You have three hydro stores and none carries advanced. I find that hard to believe. If it is the truth then you have the most assbackwards hydro stores in the world.


----------



## Megatron (Jul 23, 2008)

Olive, Setup some pics! please. The home depot was a crude joke (laughing sarcasm sorry.. lol) 
Have you flushed it out with ph'd water yet?! Inquiring minds want to know!!


----------



## olives1 (Jul 23, 2008)

I ran 2 flushes a hour a piece dumped it and put new nutes in i am currently using 450ppm and they look better also added to the nutes 50ml of thrive alive b-1 red


----------



## Megatron (Jul 24, 2008)

COOL! Hopefully didn't stress them too much


----------



## occg.hydro (Jul 24, 2008)

BuddyLuv said:
			
		

> Oh and kick that guy in the nuts when you get a chance!
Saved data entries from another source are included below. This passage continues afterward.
Lemma box_max (n : nat) (lo hi : nat -> R) (f : pt -> R) :
  (forall j, lt j n -> Rle (lo j) (hi j)) -> cont_on n (box n lo hi) f ->
  exists x, box n lo hi x /\ forall y, box n lo hi y -> Rle (f y) (f x).
Proof.
move=> hlohi hf.
pose toPt (v : 'rV[R]_n) : pt := fun j => oapp (fun i : 'I_n => v ord0 i) 0 (insub j).
pose A := [set v : 'rV[R]_n | forall i : 'I_n, `[lo i, hi i]%classic (v ord0 i)].
have cA : compact A.
  apply: (@rV_compact _ n (fun i : 'I_n => `[lo i, hi i]%classic)) => i; exact: segment_compact.
have toPtK : forall v, A v -> box n lo hi (toPt v).
  move=> v Av; split.
    by move=> j /ssrnat.leP jn; rewrite /toPt insubF //; apply/negbTE; rewrite -leqNgt.
  move=> j /ssrnat.ltP jn; rewrite /toPt insubT /=.
  have := Av (Ordinal jn); rewrite /= in_itv /= => /andP [h1 h2].
  by split; apply/RleP.
have fromPt : forall y, box n lo hi y -> A (\row_i y (nat_of_ord i)) /\ toPt (\row_i y (nat_of_ord i)) = y.
  move=> y [yn yb]; split.
    move=> i; rewrite /= mxE in_itv /=.
    have [h1 h2] := yb _ (ssrnat.ltP (ltn_ord i)).
    by apply/andP; split; apply/RleP.
  apply: boolp.funext => j; rewrite /toPt.
  case: insubP => [i _ <- | ]; first by rewrite /= mxE.
  by rewrite -leqNgt => /ssrnat.leP jn /=; rewrite yn.
have A0 : A !=set0.
  exists (\row_i lo (nat_of_ord i)) => i; rewrite /= mxE in_itv /= lexx /=.
  by apply/RleP; apply: hlohi; apply/ssrnat.ltP.
have cF : {within A, continuous (f \o toPt)}.
  apply/subspace_continuousP => x Ax.
  apply/(@cvgrPdist_lt R R^o) => e e0.
  have e0' : Rlt 0 e by apply/RltP.
  have [d [d0 hd]] := hf _ (toPtK _ Ax) e e0'.
  rewrite /prop_near1 /within /=.
  apply/nbhs_ballP; exists (Rdiv d (INR n + 1)); first exact/RltP/div_INR_succ_pos.
  move=> y bxy Ay.
  rewrite -RabsE Rabs_minus_sym; apply/RltP; apply: hd; first exact: toPtK.
  apply: dist_lt_of_coord_close => // j /ssrnat.ltP jn; rewrite /toPt insubT /=.
  case: bxy => _ /(_ ord0 (Ordinal jn)).
  rewrite /ball /= -RabsE Rabs_minus_sym => h; apply: Rlt_le; exact/RltP.
have [c Ac cmax] := compact_EVT_max A0 cA cF.
exists (toPt c); split; first by apply: toPtK; rewrite inE in Ac.
move=> y yK; have [Ay ey] := fromPt y yK.
rewrite -ey; apply/RleP; apply: cmax; by rewrite inE.
Qed.

End BoxCompactness.

Lemma Bn_shift n r X j : (j < n)%nat -> Bn n r X ->
  exists d, d > 0 /\ forall s, Rabs s < d -> Bn n r (shift X j s).
Proof.
  intros Hj [HX HXr]. rewrite dist_origin in HXr.
  assert (HN : 0 < INR n) by (apply lt_0_INR; lia).
  exists ((r - norm n X) / INR n). split; [apply Rdiv_lt_0_compat; lra|].
  intros s Hs. split; [now apply shift_inRn|]. rewrite dist_origin.
  eapply Rle_lt_trans; [apply (norm_le_of_coord_close n (Rabs s) X); [apply Rabs_pos|]|].
  - intros i Hi. destruct (Nat.eq_dec i j) as [->|Hij].
    + rewrite shift_same. replace (X j + s - X j) with s by ring. lra.
    + rewrite shift_other, Rminus_eq_0, Rabs_R0 by exact Hij. apply Rabs_pos.
  - apply (Rmult_lt_compat_l (INR n)) in Hs; [|exact HN].
    replace (INR n * ((r - norm n X) / INR n)) with (r - norm n X) in Hs by (field; lra). lra.
Qed.

Lemma cont_on_zero_at_floor n v X j a : (j < n)%nat -> cont_on n (Bn n 1) v ->
  (forall x, Bn n 1 x -> x j < a -> v x = 0) -> Bn n 1 X -> X j = a -> v X = 0.
Proof.
  intros Hj Hv Hbelow HX HXj. apply NNPP. intros HvX.
  destruct (cont_on_nonzero_near n _ v X Hv HX HvX) as [d [Hd Hnear]].
  destruct (Bn_shift n 1 X j Hj HX) as [d' [Hd' Hball]].
  set (s := Rmin d d' / 2).
  assert (Hs : 0 < s < Rmin d d') by (unfold s; pose proof (Rmin_glb_lt d d' 0 Hd Hd'); lra).
  pose proof (Rmin_l d d'). pose proof (Rmin_r d d').
  assert (HZ : Bn n 1 (shift X j (- s))) by (apply Hball; rewrite Rabs_Ropp, Rabs_right; lra).
  apply (Hnear (shift X j (- s)) HZ).
  - rewrite dist_shift, Rabs_Ropp, Rabs_right by (exact Hj || lra). lra.
  - apply Hbelow; [exact HZ|]. rewrite shift_same. lra.
Qed.

Lemma harmonic_sub_superharmonic_no_line_max n O v w (w1 : nat -> pt -> R) (w2 : nat -> R) X :
  harmonic_on n O v -> O X ->
  (forall j z, (j < n)%nat -> has_partial w z j (w1 j z)) ->
  (forall j, (j < n)%nat -> has_partial (w1 j) X j (w2 j)) ->
  rsum n w2 < 0 ->
  (forall j, (j < n)%nat -> exists r, r > 0 /\ forall s, Rabs s < r ->
     O (shift X j s) /\ v (shift X j s) - w (shift X j s) <= v X - w X) ->
  False.
Proof.
  intros [D1 [D2 [[_ [_ [_ [HD1 HD2]]]] Hlap]]] HX Hw1 Hw2 Hw Hline.
  assert (Hle : rsum n (fun j => D2 j j X - w2 j) <= 0).
  { apply (laplacian_nonpos_at_line_max n (fun z => v z - w z) (fun j z => D1 j z - w1 j z)
      (fun j => D2 j j X - w2 j) X).
    - intros j Hj. destruct (Hline j Hj) as [r [Hr Hjr]]. exists r. split; [exact Hr|].
      intros s Hs. destruct (Hjr s Hs) as [HO Hmax]. split; [exact Hmax|].
      apply has_partial_minus; auto.
    - intros j Hj. apply has_partial_minus; auto. }
  rewrite rsum_minus, (Hlap X HX) in Hle. lra.
Qed.

Section Barrier.

Variables (k : nat) (a h A B D : R) (y : pt).
Hypotheses (h_pos : 0 < h) (D_large : 1 <= D * h ^ 2) (B_large : INR k * D < B)
  (A_large : 1 <= A * h - B * h ^ 2).

(* The barrier [D |x' - y'|^2 + A t - B t^2], [t = x_k - a], written as a sum of
   one-variable profiles so that its partial derivatives are read off coordinatewise. *)
Definition profile j t :=
  if (j <? k)%nat then D * (t - y j) ^ 2 else A * (t - a) - B * (t - a) ^ 2.
Definition profile_d1 j t :=
  if (j <? k)%nat then 2 * D * (t - y j) else A - 2 * B * (t - a).
Definition profile_d2 j := if (j <? k)%nat then 2 * D else - 2 * B.

Definition barrier (x : pt) := rsum (S k) (fun j => profile j (x j)).

Definition barrier_box := box (S k)
  (fun j => if (j <? k)%nat then y j - h else a) (fun j => if (j <? k)%nat then y j + h else a + h).

Lemma barrier_eq x :
  barrier x = D * rsum k (fun j => (x j - y j) ^ 2) + (A * (x k - a) - B * (x k - a) ^ 2).
Proof.
  unfold barrier, profile. simpl rsum. rewrite Nat.ltb_irrefl, <- rsum_scal.
  f_equal. apply rsum_ext. intros j Hj. now rewrite (proj2 (Nat.ltb_lt j k) Hj).
Qed.

Lemma barrier_box_iff x : barrier_box x <->
  inRn (S k) x /\ (forall j, (j < k)%nat -> Rabs (x j - y j) <= h) /\ a <= x k <= a + h.
Proof.
  unfold barrier_box, box. split.
  - intros [Hx Hbox]. split; [exact Hx|split].
    + intros j Hj. specialize (Hbox j ltac:(lia)).
      rewrite (proj2 (Nat.ltb_lt j k) Hj) in Hbox. apply Rabs_le. lra.
    + specialize (Hbox k ltac:(lia)). now rewrite Nat.ltb_irrefl in Hbox.
  - intros [Hx [Hlat Hk]]. split; [exact Hx|]. intros j Hj.
    destruct (Nat.ltb_spec j k) as [Hjk|Hjk].
    + specialize (Hlat j Hjk). apply Rabs_le_between in Hlat. lra.
    + now replace j with k by lia.
Qed.

Let D_pos : 0 < D.
Proof. assert (0 < h ^ 2) by (apply pow_lt; exact h_pos). nra. Qed.

Let B_pos : 0 < B.
Proof. pose proof (pos_INR k). pose proof D_pos. nra. Qed.

Lemma vertical_profile_nonneg t : 0 <= t <= h -> 0 <= A * t - B * t ^ 2.
Proof.
  intros Ht. pose proof B_pos.
  assert (0 < A - B * h) by (assert (1 <= h * (A - B * h)) by lra; nra).
  assert (0 <= A - B * t) by nra.
  replace (A * t - B * t ^ 2) with (t * (A - B * t)) by ring. apply Rmult_le_pos; lra.
Qed.

Lemma barrier_nonneg x : barrier_box x -> 0 <= barrier x.
Proof.
  intros [_ [_ Hk]]%barrier_box_iff. rewrite barrier_eq.
  pose proof (sum_sq_nonneg k (fun j => x j - y j)). pose proof D_pos.
  pose proof (vertical_profile_nonneg (x k - a) ltac:(lra)). nra.
Qed.

Lemma barrier_ge1_top x : x k = a + h -> 1 <= barrier x.
Proof.
  intros Hk. rewrite barrier_eq, Hk. replace (a + h - a) with h by ring.
  pose proof (sum_sq_nonneg k (fun j => x j - y j)). pose proof D_pos. nra.
Qed.

Lemma barrier_ge1_side x j : barrier_box x -> (j < k)%nat -> Rabs (x j - y j) = h ->
  1 <= barrier x.
Proof.
  intros [_ [_ Hk]]%barrier_box_iff Hj Hxj. rewrite barrier_eq.
  assert (Hsum : h ^ 2 <= rsum k (fun i => (x i - y i) ^ 2)).
  { rewrite <- Hxj, pow2_abs.
    apply (rsum_term_le k (fun i => (x i - y i) ^ 2)); [intros; apply pow2_ge_0|exact Hj]. }
  pose proof (vertical_profile_nonneg (x k - a) ltac:(lra)). pose proof D_pos. nra.
Qed.

Lemma barrier_center_le : barrier y <= A * (y k - a).
Proof.
  rewrite barrier_eq, (rsum_ext k _ (fun _ => 0)) by (intros; ring).
  rewrite rsum_const. pose proof B_pos. pose proof (pow2_ge_0 (y k - a)). nra.
Qed.

Lemma profile_deriv j t : derivable_pt_lim (profile j) t (profile_d1 j t).
Proof.
  unfold profile, profile_d1. apply is_derive_Reals.
  destruct (j <? k)%nat; auto_derive; trivial; ring.
Qed.

Lemma profile_d1_deriv j t : derivable_pt_lim (profile_d1 j) t (profile_d2 j).
Proof.
  unfold profile_d1, profile_d2. apply is_derive_Reals.
  destruct (j <? k)%nat; auto_derive; trivial; ring.
Qed.

Lemma barrier_has_partial j x : (j < S k)%nat -> has_partial barrier x j (profile_d1 j (x j)).
Proof. intros Hj. apply has_partial_separable; [exact Hj|apply profile_deriv]. Qed.

Lemma profile_d1_has_partial j x : has_partial (fun z => profile_d1 j (z j)) x j (profile_d2 j).
Proof. apply has_partial_coord_fun, profile_d1_deriv. Qed.

Lemma barrier_laplacian_neg : rsum (S k) profile_d2 < 0.
Proof.
  unfold profile_d2. simpl rsum. rewrite Nat.ltb_irrefl.
  rewrite (rsum_ext k _ (fun _ => 2 * D)), rsum_const; [lra|].
  intros j Hj. now rewrite (proj2 (Nat.ltb_lt j k) Hj).
Qed.

Lemma barrier_cont P : cont_on (S k) P barrier.
Proof.
  apply cont_on_separable. intros j _ t.
  apply derivable_continuous_pt. exists (profile_d1 j t). apply profile_deriv.
Qed.

Lemma barrier_box_shift x j : barrier_box x ->
  (forall i, (i < k)%nat -> Rabs (x i - y i) < h) -> a < x k < a + h -> (j < S k)%nat ->
  exists r, r > 0 /\ forall s, Rabs s < r -> barrier_box (shift x j s).
Proof.
  intros [Hx _]%barrier_box_iff Hlat Hk Hj.
  destruct (Nat.ltb_spec j k) as [Hjk|Hjk].
  - exists (h - Rabs (x j - y j)). split; [specialize (Hlat j Hjk); lra|].
    intros s Hs. apply barrier_box_iff. split; [now apply shift_inRn|split].
    + intros i Hi. destruct (Nat.eq_dec i j) as [->|Hij].
      * rewrite shift_same. replace (x j + s - y j) with ((x j - y j) + s) by ring.
        eapply Rle_trans; [apply Rabs_triang|lra].
      * rewrite shift_other by exact Hij. now apply Rlt_le, Hlat.
    + rewrite shift_other by lia. lra.
  - replace j with k by lia.
    exists (Rmin (x k - a) (a + h - x k)). split; [apply Rmin_glb_lt; lra|].
    intros s Hs. pose proof (Rmin_l (x k - a) (a + h - x k)).
    pose proof (Rmin_r (x k - a) (a + h - x k)). apply Rabs_def2 in Hs.
    apply barrier_box_iff. split; [apply shift_inRn; [lia|exact Hx]|split].
    + intros i Hi. rewrite shift_other by lia. now apply Rlt_le, Hlat.
    + rewrite shift_same. lra.
Qed.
good call! Infact, I'd say kick that dude in the nuts a few times just to make sure you got the job done. WOW! Sprite?!?!?!?!? Why not go out and get some AN Carbo Load instead? I know the Advanced products are kind of pricey but they're worth every penny if you ask me. Seriously though, SOMEWHERE is going to carry Advanced Nutes. They were advertising on Weeds on Showtime last year, just about every hydro store I've ever seen carries Advanced. I use nothing but AN!


----------



## olives1 (Jul 24, 2008)

occg.hydro said:
			
		

> good call! Infact, I'd say kick that dude in the nuts a few times just to make sure you got the job done. WOW! Sprite?!?!?!?!? Why not go out and get some AN Carbo Load instead? I know the Advanced products are kind of pricey but they're worth every penny if you ask me. Seriously though, SOMEWHERE is going to carry Advanced Nutes. They were advertising on Weeds on Showtime last year, just about every hydro store I've ever seen carries Advanced. I use nothing but AN!


   Ok i found a shop a little ways from me that carrys AN gonna get it what program and products should i get for an aeroflo i trust your opinons better than the counter help also any pict with using AN to see Hesi i use its not that great i think


----------



## BuddyLuv (Jul 24, 2008)

I am using the sensi two part (grow for veg, bloom for flower) in my aerojet with Cal MG (also by advanced) suppliments. I used voodoo juice the first two weeks for a good healthy root zone. Click on my sig for my grow journal and you can see how nice my plants are at 3 weeks from seed. I have some new pics at almost 4 weeks but haven't resized them yet. Now they are 15- 18 inches and the bottom branches are as tall as the tops.


----------



## BuddyLuv (Jul 24, 2008)

Oh and remember just ask here before doing something like that again. I would hate to see another member piss 12 weeks of work away because some dickturd making 8 bucks an hour at the hydrostore's life sucks and decided to get a laugh on your expense.


----------